TRY IT:
Scan the material below for the word "exists", then copy every line in which it appears.
[Opening MATERIAL FOR THE TASK section]
(* For any set $\Phi\cup\{\psi\}$ of $\mathsf{BSML}$-formulas, if $\Phi\vdash\psi$ in the natural deduction system $\mathcal{S}$ described below, then $\Phi\models\psi$.
   Context: Syntax: $\mathsf{BSML}$-formulas $\phi ::= p \mid \neg\phi \mid (\phi\wedge\phi) \mid (\phi\vee\phi) \mid \Diamond\phi \mid \mathrm{NE}$. Classical formulas ($\alpha,\beta$): the $\mathrm{NE}$-free ones. $\Box\phi:=\neg\Diamond\neg\phi$; $\bot:=p\wedge\neg p$; $\bot\!\!\!\bot:=\bot\wedge\mathrm{NE}$. Semantics on Kripke models $M=(W,R,V)$, states $s\subseteq W$: $s\models p$ iff $s\subseteq V(p)$; $s\dashv p$ iff $s\cap V(p)=\emptyset$; $s\models\mathrm{NE}$ iff $s\ne\emptyset$; $s\dashv\mathrm{NE}$ iff $s=\emptyset$; $s\models\neg\phi$ iff $s\dashv\phi$; $s\dashv\neg\phi$ iff $s\models\phi$; $s\models\phi\wedge\psi$ iff both; $s\dashv\phi\wedge\psi$ iff $s=t\cup u$, $t\dashv\phi$, $u\dashv\psi$; $s\models\phi\vee\psi$ iff $s=t\cup u$, $t\models\phi$, $u\models\psi$; $s\dashv\phi\vee\psi$ iff $s\dashv\phi$ and $s\dashv\psi$; $s\models\Diamond\phi$ iff each $w\in s$ has a nonempty $t\subseteq R[w]$ with $t\models\phi$; $s\dashv\Diamond\phi$ iff $R[w]\dashv\phi$ for all $w\in s$. $\Phi\models\psi$ iff every state supporting all of $\Phi$ supports $\psi$. An occurrence $[\psi]$ of a subformula in $\phi$ is distributive if it is not within the scope of any $\neg$ or $\Diamond$ in $\phi$ ($\Box=\neg\Diamond\neg$); $\phi[\chi/\psi]$ replaces that occurrence by $\chi$. System $\mathcal{S}$ ($\Phi\vdash\psi$ iff some natural deduction derivation of $\psi$ has all undischarged assumptions in $\Phi$; ''$A\Leftrightarrow B$'' = both one-step rules): (a) $\wedge$I; $\wedge$E. (b) $\neg$I: from a derivation of $\bot$ from $\alpha$ infer $\neg\alpha$ discharging $\alpha$, provided its undischarged assumptions contain no $\mathrm{NE}$; from $\alpha,\neg\alpha$ infer $\beta$; $\neg\neg\phi\Leftrightarrow\phi$; $\neg(\phi\wedge\psi)\Leftrightarrow\neg\phi\vee\neg\psi$; $\neg(\phi\vee\psi)\Leftrightarrow\neg\phi\wedge\neg\psi$; $\neg\mathrm{NE}\Leftrightarrow\bot$. (c) from $\phi$ infer $\phi\vee\psi$ if $\psi$ contains no $\mathrm{NE}$; from $\phi$ infer $\phi\vee\phi$; from $\phi\vee\psi$ infer $\psi\vee\phi$; $\vee$E: from $\phi\vee\psi$ and derivations of $\chi$ from $\phi$ and from $\psi$ infer $\chi$ (discharging), provided undischarged assumptions of the subderivations contain no $\mathrm{NE}$; from $\phi\vee\psi$ and a derivation of $\chi$ from $\psi$ whose undischarged assumptions contain no $\mathrm{NE}$ infer $\phi\vee\chi$. (d) from $\bot\vee\phi$ infer $\phi$; from $\bot\!\!\!\bot\vee\phi$ infer any $\psi$. (e) if $\psi$ derivable from $\phi$ alone, from $\Diamond\phi$ infer $\Diamond\psi$; if $\psi$ derivable from $\phi_1,\dots,\phi_n$ alone, from $\Box\phi_1,\dots,\Box\phi_n$ infer $\Box\psi$; $\neg\Diamond\phi\Leftrightarrow\Box\neg\phi$. (f) from $\Diamond(\phi\vee(\psi\wedge\mathrm{NE}))$ infer $\Diamond\psi$; from $\Diamond\phi,\Diamond\psi$ infer $\Diamond(\phi\vee\psi)$; from $\Box(\phi\wedge\mathrm{NE})$ infer $\Diamond\phi$; from $\Box\phi,\Diamond\psi$ infer $\Box(\phi\vee\psi)$. (g) for a distributive occurrence $[\psi]$ in $\phi$: from $\phi$, a derivation of $\chi$ from $\phi[\psi\wedge\mathrm{NE}/\psi]$ and a derivation of $\chi$ from $\phi[\psi\wedge\bot/\psi]$, infer $\chi$ (discharging); from $\Diamond\phi$ infer $\Diamond\phi[\psi\wedge\mathrm{NE}/\psi]\vee\Diamond\phi[\psi\wedge\bot/\psi]$; from $\Box\phi$ infer $\Box\phi[\psi\wedge\mathrm{NE}/\psi]\vee\Box\phi[\psi\wedge\bot/\psi]$. *)

From Stdlib Require Import List.

Inductive form : Type :=
| Atom : nat -> form
| Neg : form -> form
| And : form -> form -> form
| Or : form -> form -> form
| Dia : form -> form
| NE : form.

Fixpoint classical (f : form) : Prop :=
  match f with
  | Atom _ => True
  | Neg a => classical a
  | And a b => classical a /\ classical b
  | Or a b => classical a /\ classical b
  | Dia a => classical a
  | NE => False
  end.

Definition Box (f : form) : form := Neg (Dia (Neg f)).
Definition Bot : form := And (Atom 0) (Neg (Atom 0)).
Definition BBot : form := And Bot NE.

Record model : Type := Model {
  W : Type;
  R : W -> W -> Prop;
  V : nat -> W -> Prop }.

Definition state (M : model) := W M -> Prop.

Definition is_union {M : model} (s t u : state M) : Prop :=
  forall w, s w <-> (t w \/ u w).

Fixpoint supp (M : model) (s : state M) (f : form) {struct f} : Prop :=
  match f with
  | Atom n => forall w, s w -> V M n w
  | Neg a => anti M s a
  | And a b => supp M s a /\ supp M s b
  | Or a b => exists t u, is_union s t u /\ supp M t a /\ supp M u b
  | Dia a => forall w, s w ->
      exists t : state M, (exists x, t x) /\ (forall x, t x -> R M w x) /\ supp M t a
  | NE => exists w, s w
  end
with anti (M : model) (s : state M) (f : form) {struct f} : Prop :=
  match f with
  | Atom n => forall w, s w -> ~ V M n w
  | Neg a => supp M s a
  | And a b => exists t u, is_union s t u /\ anti M t a /\ anti M u b
  | Or a b => anti M s a /\ anti M s b
  | Dia a => forall w, s w -> anti M (R M w) a
  | NE => forall w, ~ s w
  end.

Definition fset := form -> Prop.
Definition sing (a : form) : fset := fun x => x = a.
Definition funion (G D : fset) : fset := fun x => G x \/ D x.
Definition nefree (G : fset) : Prop := forall x, G x -> classical x.

Definition entails (Phi : fset) (psi : form) : Prop :=
  forall (M : model) (s : state M), (forall f, Phi f -> supp M s f) -> supp M s psi.

(* An occurrence not in the scope of any Neg or Dia: a context built from
   And / Or only.  phi = plug C psi, and phi[chi/psi] = plug C chi. *)
Inductive dctx : Type :=
| Hole : dctx
| CAndL : dctx -> form -> dctx
| CAndR : form -> dctx -> dctx
| COrL : dctx -> form -> dctx
| COrR : form -> dctx -> dctx.

Fixpoint plug (C : dctx) (x : form) : form :=
  match C with
  | Hole => x
  | CAndL C' b => And (plug C' x) b
  | CAndR a C' => And a (plug C' x)
  | COrL C' b => Or (plug C' x) b
  | COrR a C' => Or a (plug C' x)
  end.

(* Side conditions "undischarged assumptions contain
   no NE" are imposed on the context of the relevant subderivation (which,
   thanks to weakening, may be taken to be exactly its set of undischarged
   assumptions). *)
Inductive Der : fset -> form -> Prop :=
| D_ass G f : G f -> Der G f
| D_weak G G' f : Der G f -> (forall x, G x -> G' x) -> Der G' f
| D_andI G a b : Der G a -> Der G b -> Der G (And a b)
| D_andE1 G a b : Der G (And a b) -> Der G a
| D_andE2 G a b : Der G (And a b) -> Der G b
| D_negI G a : classical a -> nefree G ->
    Der (funion G (sing a)) Bot -> Der G (Neg a)
| D_negE G a b : classical a -> classical b ->
    Der G a -> Der G (Neg a) -> Der G b
| D_dneI G a : Der G a -> Der G (Neg (Neg a))
| D_dneE G a : Der G (Neg (Neg a)) -> Der G a
| D_dmAnd1 G a b : Der G (Neg (And a b)) -> Der G (Or (Neg a) (Neg b))
| D_dmAnd2 G a b : Der G (Or (Neg a) (Neg b)) -> Der G (Neg (And a b))
| D_dmOr1 G a b : Der G (Neg (Or a b)) -> Der G (And (Neg a) (Neg b))
| D_dmOr2 G a b : Der G (And (Neg a) (Neg b)) -> Der G (Neg (Or a b))
| D_negNE1 G : Der G (Neg NE) -> Der G Bot
| D_negNE2 G : Der G Bot -> Der G (Neg NE)
| D_orI G a b : classical b -> Der G a -> Der G (Or a b)
| D_orDup G a : Der G a -> Der G (Or a a)
| D_orComm G a b : Der G (Or a b) -> Der G (Or b a)
| D_orE G0 G1 G2 a b c :
    Der G0 (Or a b) ->
    Der (funion G1 (sing a)) c -> Der (funion G2 (sing b)) c ->
    nefree G1 -> nefree G2 ->
    Der (funion G0 (funion G1 G2)) c
| D_orMon G0 G1 a b c :
    Der G0 (Or a b) -> Der (funion G1 (sing b)) c -> nefree G1 ->
    Der (funion G0 G1) (Or a c)
| D_botOr G a : Der G (Or Bot a) -> Der G a
| D_bbotOr G a b : Der G (Or BBot a) -> Der G b
| D_diaMon G a b : Der (sing a) b -> Der G (Dia a) -> Der G (Dia b)
| D_boxMon G (l : list form) b :
    Der (fun x => In x l) b ->
    (forall a, In a l -> Der G (Box a)) -> Der G (Box b)
| D_negDia1 G a : Der G (Neg (Dia a)) -> Der G (Box (Neg a))
| D_negDia2 G a : Der G (Box (Neg a)) -> Der G (Neg (Dia a))
| D_diaSep G a b : Der G (Dia (Or a (And b NE))) -> Der G (Dia b)
| D_diaJoin G a b : Der G (Dia a) -> Der G (Dia b) -> Der G (Dia (Or a b))
| D_boxNE G a : Der G (Box (And a NE)) -> Der G (Dia a)
| D_boxDia G a b : Der G (Box a) -> Der G (Dia b) -> Der G (Box (Or a b))
| D_split G0 G1 G2 (C : dctx) p c :
    Der G0 (plug C p) ->
    Der (funion G1 (sing (plug C (And p NE)))) c ->
    Der (funion G2 (sing (plug C (And p Bot)))) c ->
    Der (funion G0 (funion G1 G2)) c
| D_diaSplit G (C : dctx) p :
    Der G (Dia (plug C p)) ->
    Der G (Or (Dia (plug C (And p NE))) (Dia (plug C (And p Bot))))
| D_boxSplit G (C : dctx) p :
    Der G (Box (plug C p)) ->
    Der G (Or (Box (plug C (And p NE))) (Box (plug C (And p Bot)))).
[Closing MATERIAL FOR THE TASK section]
WRITTEN RESPONSE:
  | Or a b => exists t u, is_union s t u /\ supp M t a /\ supp M u b
      exists t : state M, (exists x, t x) /\ (forall x, t x -> R M w x) /\ supp M t a
  | NE => exists w, s w
  | And a b => exists t u, is_union s t u /\ anti M t a /\ anti M u b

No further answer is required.